The ICEA noted this results in delays, inefficiencies, and higher costs — alternatives from Japan or Korea cost up to four times more than Chinese machinery.
India’s transformation into a global electronics manufacturing hub may be under pressure due to informal trade curbs by China, industry body ICEA (India Cellular and Electronics Association) has warned. In a letter to Electronics and IT Minister Ashwini Vaishnaw, the association flagged that unofficial restrictions on capital equipment, critical minerals, and skilled technical personnel by China are creating new chokepoints, threatening to derail India’s growing integration into global value chains (GVCs).
India’s electronics sector has seen exponential growth in the past decade, buoyed by policies like the Production Linked Incentive (PLI) scheme launched in 2020. Smartphone manufacturing alone reached $64 billion in FY25, with exports making up $24.1 billion — now India’s largest single export. Electronics exports have also climbed to become the third-largest after engineering goods and petroleum, hitting $38.6 billion in FY25.
“Smartphones rose from 167th in India’s export rankings in FY15 to become number one,” ICEA wrote, crediting policy foresight and private investments. However, it warned that India’s dependence on China for high-precision tools and specialised machinery — due to China’s decades of industrial consolidation — is now a strategic vulnerability.

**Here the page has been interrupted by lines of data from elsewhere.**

(* Let $\Sigma$ be a finite alphabet and $w = w[1]w[2]\cdots w[n] \in \Sigma^*$ with $n \ge 1$. Algorithm A (described in the context) run on input $w$ returns TRUE if and only if $w \in L_{\mathrm{UNIQ}}$, i.e. if and only if $w$ is uniquely decodable from its bigrams.
   Context: Let $\$ \notin \Sigma$ be a delimiter symbol and $\Sigma_\$ = \Sigma \cup \{\$\}$. For a string $x \in \$\Sigma^*\$$, its bigram vector $\Phi(x) \in \mathbb{N}^{\Sigma_\$^2}$ records, for each pair $(c,d) \in \Sigma_\$^2$, the number of indices $j$ with $x[j]x[j+1] = cd$ (occurrences as a contiguous substring, counting overlaps). A string $w \in \Sigma^*$ is uniquely decodable, written $w \in L_{\mathrm{UNIQ}}$, if the only string $x \in \$\Sigma^*\$$ with $\Phi(x) = \Phi(\$w\$)$ is $x = \$w\$$. Algorithm A (input $w \in \Sigma^*$ of length $n$). It maintains: a ''visited'' flag for each $v \in \Sigma$; an ''on a cycle'' flag for each $v \in \Sigma$; and a directed graph $G$ with vertex set $\Sigma$ in which each ordered pair is either an edge or not. Initially no letter is visited, no letter is on a cycle, and $G$ has no edges. Mark $w[1]$ as visited. Then for $i = 2, \dots, n$: (1) If $w[i]$ has not been visited, mark it as visited. Otherwise, if the edge $w[i-1] \to w[i]$ is not already in $G$: if $w[i]$ is marked as on a cycle, return FALSE; otherwise mark $w[i]$ and all letters $w[j]$ for $j$ strictly between the previous occurrence of $w[i]$ (the largest $j_0 < i$ with $w[j_0] = w[i]$) and $i$ as on a cycle. (If the edge $w[i-1] \to w[i]$ is already in $G$, do nothing in this step.) (2) If there exist two distinct vertices $a, b \in \Sigma$ such that $a \to w[i]$ and $b \to w[i]$ are edges of $G$ and $a, b$ lie in the same strongly connected component of $G$ (where $a = w[i]$ or $b = w[i]$ is allowed), return FALSE. (3) Add the edge $w[i-1] \to w[i]$ to $G$. After the loop, return TRUE. *)

From mathcomp Require Import all_boot.
Set Implicit Arguments. Unset Strict Implicit. Unset Printing Implicit Defensive.

Section Bigrams.
Variable S : finType.

(* The delimiter-extended alphabet Sigma_$ is [option S]; [None] is $. *)
Definition delim (w : seq S) : seq (option S) := None :: rcons (map Some w) None.

Definition in_delim (x : seq (option S)) : Prop := exists u : seq S, x = delim u.

Definition bigram (x : seq (option S)) : {ffun option S * option S -> nat} :=
  [ffun cd => count (pred1 cd) (zip x (behead x))].

Definition uniquely_decodable (w : seq S) : Prop :=
  forall x : seq (option S), in_delim x -> bigram x = bigram (delim w) -> x = delim w.

(* Algorithm A.  State: visited, on-cycle flags (as sets), graph G (edge set),
   processed prefix p = w[1..i-1] (nonempty). *)
Definition edge (G : {set S * S}) : rel S := fun a b => (a, b) \in G.

Fixpoint algA_loop (visited oncyc : {set S}) (G : {set S * S}) (p : seq S)
  (rest : seq S) : bool :=
  match rest with
  | [::] => true
  | c :: rest' =>
    let l := last c p in
    let step1 : option ({set S} * {set S}) :=
      if c \notin visited then Some (c |: visited, oncyc)
      else if (l, c) \notin G then
        if c \in oncyc then None
        else
          (* letters w[j] with j strictly between the previous occurrence of c and i *)
          let between := take (index c (rev p)) (rev p) in
          Some (visited, c |: (oncyc :|: [set y | y \in between]))
      else Some (visited, oncyc) in
    match step1 with
    | None => false
    | Some (visited', oncyc') =>
      if [exists a : S, exists b : S,
            [&& a != b, edge G a c, edge G b c,
                connect (edge G) a b & connect (edge G) b a]]
      then false
      else
        algA_loop visited' oncyc' ((l, c) |: G) (rcons p c) rest'
    end
  end.

Definition algA (w : seq S) : bool :=
  match w with
  | [::] => true
  | x :: s => algA_loop [set x] set0 set0 [:: x] s
  end.

End Bigrams.

From mathcomp Require Import all_boot.
Set Implicit Arguments. Unset Strict Implicit. Unset Printing Implicit Defensive.

(* Words with the same bigram vector are the walks through the bigram graph with the same
   multiset of edges and the same endpoints.  If a walk visits z, then k, then z, then k
   again, its two z-to-k segments can be exchanged, and the result is a different word
   whenever the two segments end with different letters.  A failure of step (1) or (2) of
   Algorithm A at position i yields such a pair of segments in w[1..i].
   Conversely, if neither step fails, another decoding of w[1..i] either decodes
   w[1..i-1] differently, or it enters c = w[i] from d <> w[i-1]; then either the edge
   w[i-1] -> c is old and d, w[i-1] lie in one strongly connected component, or it is
   new and the rest of that decoding closes a cycle through c.  Algorithm A keeps the
   graph of bigrams of the prefix read so far, and its "on a cycle" marks lie between
   the cycle vertices of that graph and the letters sandwiched between two equal letters.
   Since unique decodability is inherited by prefixes, the loop answers TRUE exactly on
   uniquely decodable words. *)

Definition bigrams (T : Type) (s : seq T) : seq (T * T) := zip s (behead s).

Section BigramList.
Variable T : eqType.
Implicit Types (s : seq T) (x y z k : T).

Lemma size_bigrams s : size (bigrams s) = (size s).-1.
Proof. by case: s => //= x s; rewrite size_zip (minn_idPr (leqnSn _)). Qed.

For over a year, China has reportedly restricted exports of essential capital equipment to India across sectors. In the last eight months, these have expanded to electronics. The ICEA noted this results in delays, inefficiencies, and higher costs — alternatives from Japan or Korea cost up to four times more than Chinese machinery.
The curbs extend beyond hardware. China has also limited the export of rare earth materials crucial to smartphone manufacturing. Alternatives are either scarce, unscalable, or expensive.
Additionally, China has disrupted technical collaboration. According to ICEA, Beijing recently ordered select companies to wind up India operations and remove Indian professionals, cutting off technology transfer. More alarmingly, professionals of Chinese origin working in Indian, Taiwanese, and Chinese firms in India have been recalled to China midway through their assignments — numbering in the hundreds.
“These actions appear to be well-planned and sequential, aimed at weakening India’s ability to compete globally at scale,” ICEA claimed.
The mobile phone production industry currently employs over 17 lakh workers. Jobs tied to exports have surged more than 33 times since the launch of the PLI scheme, underscoring the importance of protecting the sector.
“India’s success mirrors the trajectory of other Asian economies — achieving scale first, then deepening domestic value addition,” said CDS Director Prof. C. Veeramani in a related study. On the China developments, ICEA Chairman Pankaj Mohindroo added, “Strategic integration into global value chains has driven India’s gains in exports, jobs, and domestic value addition. The new disruptions threaten to undo this momentum.”
The ICEA has now sought an urgent meeting with the government to address the risks posed by Chinese actions, stressing the need for long-term mitigation strategies, diversification of sourcing, and support for local capacity building. As India aspires to scale its electronics manufacturing to $500 billion, industry experts believe that government intervention will be key to navigating these evolving geopolitical and supply chain challenges.